What I wanted to chat about here today has to do with a conversation I recently heard. Mentioned was Speed VS Quality. In a way what I'm currently doing falls under speed. I thumb nail a page, I decide its good enough or make changes only in my head.. then pencil and ink. Not a lot of fine tuning or fuss. (though I'm spending a fare amount of time on how it looks online (on-line sizing/ DPI levels, etc. are things I'm figuring out.) Not to say I slap it together but I could clearly spend two days on a page, not one.
This is my first time attempting the regular production of comic pages, any ones done in the past where mostly sporadic. But it is understood that comic art is a language not an illustration. Although most comic artists of today are some of the finest illustrators of our time! I approach each page as individual camera shots. Linked together they (hopefully) tell us a story. I ultimately wish to be the best of both worlds.

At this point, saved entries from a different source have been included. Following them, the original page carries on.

(* Let $\varphi(x)$ be a formula of the correspondence language with only $x$ free, let $k=r(\varphi)$, and suppose $\varphi(x)$ is invariant with respect to $(2,2)$-modal $k$-asimulations. Then $\varphi(x)$ is logically equivalent to $ST_{22}(I,x)$ for some modal intuitionistic formula $I$.
   Context: Correspondence language: classical first-order logic without identity over $\Sigma=\{R,R_\Box,R_\Diamond,P_1,P_2,\dots\}$ ($R,R_\Box,R_\Diamond$ binary, $P_n$ unary). $\Theta$ is a subset of $\Sigma$ containing $R,R_\Box,R_\Diamond$; $\Theta$-models $M_k=\langle U_k,\iota_k\rangle$, with $R_k=\iota_k(R)$, $R_{\Box k}=\iota_k(R_\Box)$, $R_{\Diamond k}=\iota_k(R_\Diamond)$. $\Sigma_\varphi=\{R,R_\Box,R_\Diamond\}\cup\{P_n:P_n\text{ occurs in }\varphi\}$. $a\models_k\varphi(x)$ means $\varphi$ holds in $M_k$ under assignments sending $x$ to $a$. $r(\varphi)$ is quantifier depth ($0$ for atoms and $\bot$, max over binary connectives, $+1$ per quantifier). $s\overset{\leftrightarrow}{A}t$ means $sAt$ and $tAs$. Modal intuitionistic formulas: built from $p_n,\bot$ with $\wedge,\vee,\to,\Box,\Diamond$. $ST_{22}(p_n,x)=P_n(x)$, $ST_{22}(\bot,x)=\bot$, commutes with $\wedge,\vee$; $ST_{22}(I\to J,x)=\forall y(R(x,y)\to(ST_{22}(I,y)\to ST_{22}(J,y)))$; $ST_{22}(\Box I,x)=\forall y(R(x,y)\to\forall z(R_\Box(y,z)\to ST_{22}(I,z)))$; $ST_{22}(\Diamond I,x)=\forall y(R(x,y)\to\exists z(R_\Diamond(y,z)\wedge ST_{22}(I,z)))$. A $(2,2)$-modal $\langle(M_1,t),(M_2,u)\rangle_k$-asimulation, for pointed $\Theta$-models, is a pair $(A,B)$ of relations on finite nonempty tuples such that, for all $i,j\in\{1,2\}$, $m$, $\bar a_m,a,c,e\in U_i$, $\bar b_m,b,d,f\in U_j$, unary $P\in\Theta$: $A,B\subseteq\bigcup_{n>0}((U_1^n\times U_2^n)\cup(U_2^n\times U_1^n))$; $tAu$; if $(\bar a_m,a)A(\bar b_m,b)$ and $a\models_iP(x)$ then $b\models_jP(x)$; if $(\bar a_m,a)A(\bar b_m,b)$, $bR_jd$, $m<k$ then some $c\in U_i$ has $aR_ic$ and $(\bar a_m,a,c)\overset{\leftrightarrow}{A}(\bar b_m,b,d)$; if $(\bar a_m,a)A(\bar b_m,b)$, $bR_jd$, $dR_{\Box j}f$, $m+1<k$ then some $c,e\in U_i$ have $aR_ic$, $cR_{\Box i}e$, $(\bar a_m,a,c,e)A(\bar b_m,b,d,f)$; if $(\bar a_m,a)A(\bar b_m,b)$, $bR_jd$, $m+1<k$ then some $c\in U_i$ has $aR_ic$ and $(\bar a_m,a,c)B(\bar b_m,b,d)$; if $(\bar a_m,a)B(\bar b_m,b)$, $aR_{\Diamond i}c$, $m<k$ then some $d\in U_j$ has $bR_{\Diamond j}d$ and $(\bar a_m,a,c)A(\bar b_m,b,d)$. $\varphi(x)$ is invariant with respect to $(2,2)$-modal $k$-asimulations iff for every $\Theta\supseteq\Sigma_\varphi$, all pointed $\Theta$-models $(M_1,t),(M_2,u)$, every such $(A,B)$, and all $a\in U_1,b\in U_2$ with $aAb$ (one-element tuples): $a\models_1\varphi(x)$ implies $b\models_2\varphi(x)$. *)

From Stdlib Require Import List Arith.
Import ListNotations.

Inductive form : Type :=
| FR    : nat -> nat -> form
| FRbox : nat -> nat -> form
| FRdia : nat -> nat -> form
| FP    : nat -> nat -> form          (* FP n x  =  P_n(x) *)
| FBot  : form
| FAnd  : form -> form -> form
| FOr   : form -> form -> form
| FImp  : form -> form -> form
| FAll  : nat -> form -> form
| FEx   : nat -> form -> form.

Fixpoint depth (f : form) : nat :=
  match f with
  | FR _ _ | FRbox _ _ | FRdia _ _ | FP _ _ | FBot => 0
  | FAnd a b | FOr a b | FImp a b => Nat.max (depth a) (depth b)
  | FAll _ a | FEx _ a => S (depth a)
  end.

Fixpoint free_in (y : nat) (f : form) : Prop :=
  match f with
  | FR a b | FRbox a b | FRdia a b => y = a \/ y = b
  | FP _ a => y = a
  | FBot => False
  | FAnd a b | FOr a b | FImp a b => free_in y a \/ free_in y b
  | FAll z a | FEx z a => y <> z /\ free_in y a
  end.

Fixpoint occurs_P (n : nat) (f : form) : Prop :=
  match f with
  | FP m _ => n = m
  | FR _ _ | FRbox _ _ | FRdia _ _ | FBot => False
  | FAnd a b | FOr a b | FImp a b => occurs_P n a \/ occurs_P n b
  | FAll _ a | FEx _ a => occurs_P n a
  end.

(* A model interprets R, R_Box, R_Dia and every P_n (a Theta-model is modelled as a
   model together with the set Theta of unary indices that count, see asim22). *)
Record model : Type := Model {
  dom : Type;
  relR : dom -> dom -> Prop;
  relB : dom -> dom -> Prop;
  relD : dom -> dom -> Prop;
  predP : nat -> dom -> Prop
}.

As an inker for most of my career my penciling isn't so tight, I'm going with the flow. I thumb nail to grab hold of an image and then pencil it out knowing as an inker I usually tighten images up.. but I find myself wanting tighter pencils to work off of. I'm sure after few more weeks I may find myself doing just that. If I'm to keep up with my crazy schedule I have to shoot for speed.. part of me realizes a certain looseness is helpful in expressing action and fluidity. Most of my penciling is stiff and I try to breakout of that.
One of my penciling heroes is John Romita JR, who is renowned for being a bit of a speed demon. Jack Kirby who's work I also love is the same... this is not to say I'll ever reach their status but one reaches.
So I'm not about to spend too much time penciling, or total time on each page.. I'm focused on completion! Deadlines have always been a sickening, looming, dreadful end to each individual illustration or project over all and its time to give it an overall left hook in the face.
What's your preference? Speed or Quality?
I know in the end each page (from a business stand point) represents X dollars, and if you need to make Y amount each month then you need to produce Z amount of pages to survive. But I don't wish to only survive anymore, I wish to Thrive!!!
Here's to making it big,
Peter.
-----
Thanks Peter for this ensightful commentary. Very good topic that many creators and commissioners need to consider.